When it comes to securing cuts, Anderson prefers letting his publisher do the pitching. He spent several years with Moss Rose Publishing and is currently signed to Sony/ATV Tree, but during his early days in Nashville, he was with Buddy Killen’s Tree Publishing. “Buddy was more than a publisher,” Anderson said. “He was a mentor. There may have been more of that in the early days, probably because the whole scene was so much smaller. It wasn’t like Buddy had 50 or 60 writers over there, like some companies do today. There were probably less than half a dozen of us. Buddy could afford the time to do a lot of pitching. He was very close to the artists, particularly Jim Reeves. I had four Jim Reeves cuts, and I can credit every one of those to Buddy being out there pitching.”
One constant in Anderson’s lengthy career has been his relationship with BMI, which he joined in 1958 and never left. “He shows up every day and competes with the best of the best,” said Jody Williams, VP, Writer/Publisher Relations, Nashville, BMI. “He knows the nuances floating in the air of the songwriting community. He’s current.”

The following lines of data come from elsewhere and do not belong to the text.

(* Let $F$ be a field, $n\ge3$, and let $x\mapsto\bar x$ be either the identity map of $F$ or a field automorphism of $F$ of order $2$ (applied entrywise to matrices). Let $G$ be the set of block matrices $\begin{pmatrix}a&b\\c&d\end{pmatrix}\in\mathrm{SL}_{2n}(F)$ ($n\times n$ blocks) satisfying $$a\bar d^T+b\bar c^T=1_n,\quad a\bar b^T+b\bar a^T=0,\quad c\bar d^T+d\bar c^T=0.$$ Let $V=\left\{\begin{pmatrix}1&k\\0&1\end{pmatrix}:\bar k^T=-k\right\}$, $V^T=\left\{\begin{pmatrix}1&0\\k&1\end{pmatrix}:\bar k^T=-k\right\}$ and $H=\left\{\begin{pmatrix}a^{-1}&0\\0&\bar a^T\end{pmatrix}:a\in\mathrm{GL}_n(F)\right\}$. Then $G=VV^TV(H\cap G)$. *)

From HB Require Import structures.
From mathcomp Require Import all_boot all_order all_algebra.
Set Implicit Arguments. Unset Strict Implicit. Unset Printing Implicit Defensive.
Import Order.TTheory GRing.Theory Num.Theory.
Local Open Scope ring_scope.

Section Defs.
Variable (F : fieldType) (s : {rmorphism F -> F}) (n : nat).

Definition conjT m p (a : 'M[F]_(m, p)) : 'M[F]_(p, m) := (map_mx s a)^T.

Definition inG (g : 'M[F]_(n + n)) : Prop :=
  let a := ulsubmx g in let b := ursubmx g in
  let c := dlsubmx g in let d := drsubmx g in
  [/\ \det g = 1,
      a *m conjT d + b *m conjT c = 1%:M,
      a *m conjT b + b *m conjT a = 0 &
      c *m conjT d + d *m conjT c = 0].

Definition inV (v : 'M[F]_(n + n)) : Prop :=
  exists k : 'M[F]_n, conjT k = - k /\ v = block_mx 1%:M k 0 1%:M.

Definition inVT (v : 'M[F]_(n + n)) : Prop :=
  exists k : 'M[F]_n, conjT k = - k /\ v = block_mx 1%:M 0 k 1%:M.

Definition inH (h : 'M[F]_(n + n)) : Prop :=
  exists a : 'M[F]_n, a \in unitmx /\ h = block_mx (invmx a) 0 0 (conjT a).

End Defs.

(* G is the group of matrices g with det g = 1 and g J g^* = J, where J = [[0, 1], [1, 0]]
   and ^* is the conjugate transpose. If some skew-hermitian k makes a - k c invertible, then
   [[1, -k], [0, 1]] g has an invertible upper-left block, and block Gaussian elimination
   inside G writes it as an element of V^T V (H /\ G). To find k, write c = P D Q with
   D = pid_mx r and E = 1 - D: the isotropy relation c^* a + a^* c = 0 lets one make a - k c
   equal, up to invertible factors, to E a E + T for every skew-hermitian T supported and
   nondegenerate on the first r coordinates, and E a E + T is invertible because the first
   block column of g is injective. Such a T is t D when some t <> 0 has conjugate -t;
   otherwise the involution is trivial, the characteristic is not 2, and T must pair the
   first r coordinates symplectically, which needs r even. That is where det g = 1 enters:
   such isometries have det g = (-1)^(rank c). *)

From HB Require Import structures.
From mathcomp Require Import all_boot all_order all_algebra.
Import GRing.Theory.
Local Open Scope ring_scope.

Lemma unitmx_rker0 (F : fieldType) n (M : 'M[F]_n) :
  (forall X : 'M_n, M *m X = 0 -> X = 0) -> M \in unitmx.
Proof.
move=> Mx0; rewrite -unitmx_tr -row_free_unit -kermx_eq0; apply/eqP.
rewrite -[kermx M^T]trmxK (Mx0 (kermx M^T)^T) ?trmx0 //.
by rewrite -{1}[M]trmxK -trmx_mul mulmx_ker trmx0.
Qed.

Section Isometry.
Set Implicit Arguments.
Unset Strict Implicit.

Variables (F : fieldType) (s : {rmorphism F -> F}).
Hypothesis sK : involutive s.
Local Notation ct := (conjT s).

Lemma conjTK m p (A : 'M[F]_(m, p)) : ct (ct A) = A.
Proof.
rewrite /conjT map_trmx trmxK -map_mx_comp.
by apply/matrixP=> i j; rewrite !mxE /= sK.
Qed.

Lemma conjTM m p q (A : 'M[F]_(m, p)) (B : 'M[F]_(p, q)) : ct (A *m B) = ct B *m ct A.
Proof. by rewrite /conjT map_mxM trmx_mul. Qed.

Lemma conjTD m p (A B : 'M[F]_(m, p)) : ct (A + B) = ct A + ct B.
Proof. by rewrite /conjT map_mxD linearD. Qed.

Lemma conjTN m p (A : 'M[F]_(m, p)) : ct (- A) = - ct A.
Proof. by rewrite /conjT map_mxN linearN. Qed.

Lemma conjT0 m p : ct (0 : 'M[F]_(m, p)) = 0.
Proof. by rewrite /conjT map_mx0 trmx0. Qed.

Lemma conjT1 m : ct (1%:M : 'M[F]_m) = 1%:M.
Proof. by rewrite /conjT map_mx1 trmx1. Qed.

Lemma conjTZ m p x (A : 'M[F]_(m, p)) : ct (x *: A) = s x *: ct A.
Proof. by rewrite /conjT map_mxZ linearZ. Qed.

Lemma conjT_block m1 m2 n1 n2 (a : 'M[F]_(m1, n1)) (b : 'M[F]_(m1, n2))
    (c : 'M[F]_(m2, n1)) (d : 'M[F]_(m2, n2)) :
  ct (block_mx a b c d) = block_mx (ct a) (ct c) (ct b) (ct d).
Proof. by rewrite /conjT map_block_mx tr_block_mx. Qed.

Lemma conjT_pid m r : ct (pid_mx r : 'M[F]_m) = pid_mx r.
Proof. by rewrite /conjT map_pid_mx tr_pid_mx. Qed.

Lemma conjT_invmx m (A : 'M[F]_m) : ct (invmx A) = invmx (ct A).
Proof. by rewrite /conjT map_invmx trmx_inv. Qed.

Lemma unitmx_conjT m (A : 'M[F]_m) : (ct A \in unitmx) = (A \in unitmx).
Proof. by rewrite /conjT unitmx_tr map_unitmx. Qed.

Lemma det_conjT m (A : 'M[F]_m) : \det (ct A) = s (\det A).
Proof. by rewrite /conjT det_tr det_map_mx. Qed.

Variable n : nat.

Definition Jmx : 'M[F]_(n + n) := block_mx 0 1%:M 1%:M 0.

Definition isometry (g : 'M[F]_(n + n)) := g *m Jmx *m ct g = Jmx.

Definition vmx (k : 'M[F]_n) : 'M[F]_(n + n) := block_mx 1%:M k 0 1%:M.
Definition vTmx (k : 'M[F]_n) : 'M[F]_(n + n) := block_mx 1%:M 0 k 1%:M.
Definition hmx (a : 'M[F]_n) : 'M[F]_(n + n) := block_mx (invmx a) 0 0 (ct a).

Lemma isometry_block (a b c d : 'M[F]_n) :
  isometry (block_mx a b c d) <->
  [/\ a *m ct d + b *m ct c = 1%:M, a *m ct b + b *m ct a = 0
    & c *m ct d + d *m ct c = 0].
Proof.
rewrite /isometry /Jmx conjT_block !mulmx_block !mulmx0 !mulmx1 !add0r !addr0.
split=> [/eq_block_mx[ab ad _ cd] | [ad ab cd]].
  by split; rewrite addrC.
rewrite (addrC (b *m ct a)) ab (addrC (b *m ct c)) ad (addrC (d *m ct c)) cd.
by rewrite -[d]conjTK -[c]conjTK -!conjTM -conjTD ad conjT1.
Qed.

Lemma inG_isometry g : inG s g <-> \det g = 1 /\ isometry g.
Proof.
have [gP Pg] := isometry_block (ulsubmx g) (ursubmx g) (dlsubmx g) (drsubmx g).
rewrite submxK in gP Pg.
by rewrite /inG; split=> [[-> *] | [-> /gP[]]]; split=> //; apply: Pg.
Qed.

Lemma Jmx_invol : Jmx *m Jmx = 1%:M.
Proof.
by rewrite /Jmx mulmx_block !mulmx0 !mul0mx !mulmx1 !addr0 !add0r scalar_mx_block.
Qed.

Lemma isometry_rinv g : isometry g -> g *m (Jmx *m ct g *m Jmx) = 1%:M.
Proof. by move=> gJ; rewrite !mulmxA gJ Jmx_invol. Qed.

Lemma isometry_unit g : isometry g -> g \in unitmx.
Proof. by move/isometry_rinv/mulmx1_unit=> []. Qed.

Lemma isometry_conjT g : isometry g -> isometry (ct g).
Proof.
move/isometry_rinv/mulmx1C/(congr1 (mulmx Jmx)).
by rewrite /isometry conjTK !mulmxA Jmx_invol mul1mx mulmx1.
Qed.

Lemma isometry_mul g h : isometry g -> isometry h -> isometry (g *m h).
Proof.
move=> gJ hJ; rewrite /isometry conjTM.
have -> : g *m h *m Jmx *m (ct h *m ct g) = g *m (h *m Jmx *m ct h) *m ct g.
  by rewrite !mulmxA.
by rewrite hJ.
Qed.

Lemma isometry_vmx k : ct k = - k -> isometry (vmx k).
Proof.
move=> kS; apply/isometry_block.
by rewrite kS conjT0 conjT1 ?(mulmx1, mulmx0, mul1mx, mul0mx, addr0, add0r, addNr).
Qed.

Lemma isometry_vTmx k : ct k = - k -> isometry (vTmx k).
Proof.
move=> kS; apply/isometry_block.
by rewrite kS conjT0 conjT1 ?(mulmx1, mulmx0, mul1mx, mul0mx, addr0, add0r, addNr, addrN).
Qed.

Lemma isometry_hmx a : a \in unitmx -> isometry (hmx a).
Proof.
move=> ua; apply/isometry_block.
by rewrite conjTK conjT0 mulVmx ?(mulmx0, mul0mx, addr0).
Qed.

Lemma isometry_col_isotropic g : isometry g ->
  ct (ulsubmx g) *m dlsubmx g + ct (dlsubmx g) *m ulsubmx g = 0.
Proof.
move/isometry_conjT; rewrite -[in ct g](submxK g) conjT_block.
by case/isometry_block=> _; rewrite !conjTK.
Qed.

Lemma vmx_mul_block k (a b c d : 'M[F]_n) :
  vmx k *m block_mx a b c d = block_mx (a + k *m c) (b + k *m d) c d.
Proof. by rewrite /vmx mulmx_block !mul1mx !mul0mx !add0r. Qed.

Lemma vTmx_mul_block l (a b c d : 'M[F]_n) :
  vTmx l *m block_mx a b c d = block_mx a b (l *m a + c) (l *m b + d).
Proof. by rewrite /vTmx mulmx_block !mul1mx !mul0mx !addr0. Qed.

Lemma hmx_mul_block u v (a b c d : 'M[F]_n) :
  hmx u *m block_mx a b c d *m hmx v =
  block_mx (invmx u *m a *m invmx v) (invmx u *m b *m ct v)
           (ct u *m c *m invmx v) (ct u *m d *m ct v).
Proof. by rewrite /hmx !mulmx_block !mulmx0 !mul0mx !addr0 !add0r. Qed.

Lemma det_vmx k : \det (vmx k) = 1.
Proof. by rewrite det_ublock !det1 mulr1. Qed.

Lemma det_vTmx l : \det (vTmx l) = 1.
Proof. by rewrite det_lblock !det1 mulr1. Qed.

Lemma det_hmx a : s =1 id -> a \in unitmx -> \det (hmx a) = 1.
Proof.
by move=> sid ua; rewrite det_ublock det_conjT sid det_inv mulVr -?unitmxE.
Qed.

Lemma isometry_ublock (a b d : 'M[F]_n) : isometry (block_mx a b 0 d) ->
  [/\ a \in unitmx, ct (b *m ct a) = - (b *m ct a)
    & block_mx a b 0 d = vmx (b *m ct a) *m hmx (invmx a)].
Proof.
case/isometry_block; rewrite conjT0 mulmx0 addr0 => ad ab _.
have [ua _] := mulmx1_unit ad.
have da : ct (invmx a) = d by rewrite -[d]conjTK -[ct d](mulKmx ua) ad mulmx1.
split=> //; first by rewrite conjTM conjTK; apply/eqP; rewrite -addr_eq0 ab.
rewrite /hmx invmxK da mulmx_block !mulmx0 mul1mx mul0mx !addr0 add0r mul1mx.
by rewrite add0r -mulmxA -da -conjTM mulVmx // conjT1 mulmx1.
Qed.

Lemma det_isometry_ublock g : s =1 id -> isometry g -> dlsubmx g = 0 -> \det g = 1.
Proof.
move=> sid; rewrite -(submxK g) block_mxKdl => + g0; rewrite g0.
case/isometry_ublock=> ua _ ->.
by rewrite det_mulmx det_vmx det_hmx ?unitmx_inv // mul1r.
Qed.

Definition compl_proj (D E : 'M[F]_n) := [/\ D *m D = D, E + D = 1%:M & ct D = D].

Section ComplementaryProjections.
Variables D E : 'M[F]_n.
Hypothesis DE_proj : compl_proj D E.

He’s also timeless. “Bill writes songs that become legends,” Williams continued. “He’s a legendary recording artist and songwriter, still creating more than 50 years after the beginning of his career, and his contributions remain relevant. He’s a mentor and friend to countless singers and songwriters, and his energy level rivals that of a 25-year-old. That’s an icon.”
Iconic, timeless and apparently ageless as well, Anderson embarks in February with Nashville songwriter Bob DiPiero and artist/songwriter Clint Black to the United Kingdom and Ireland, on the first international performances of the CMA Songwriters Series, an in-the-round concert featuring many of Music City’s top writers.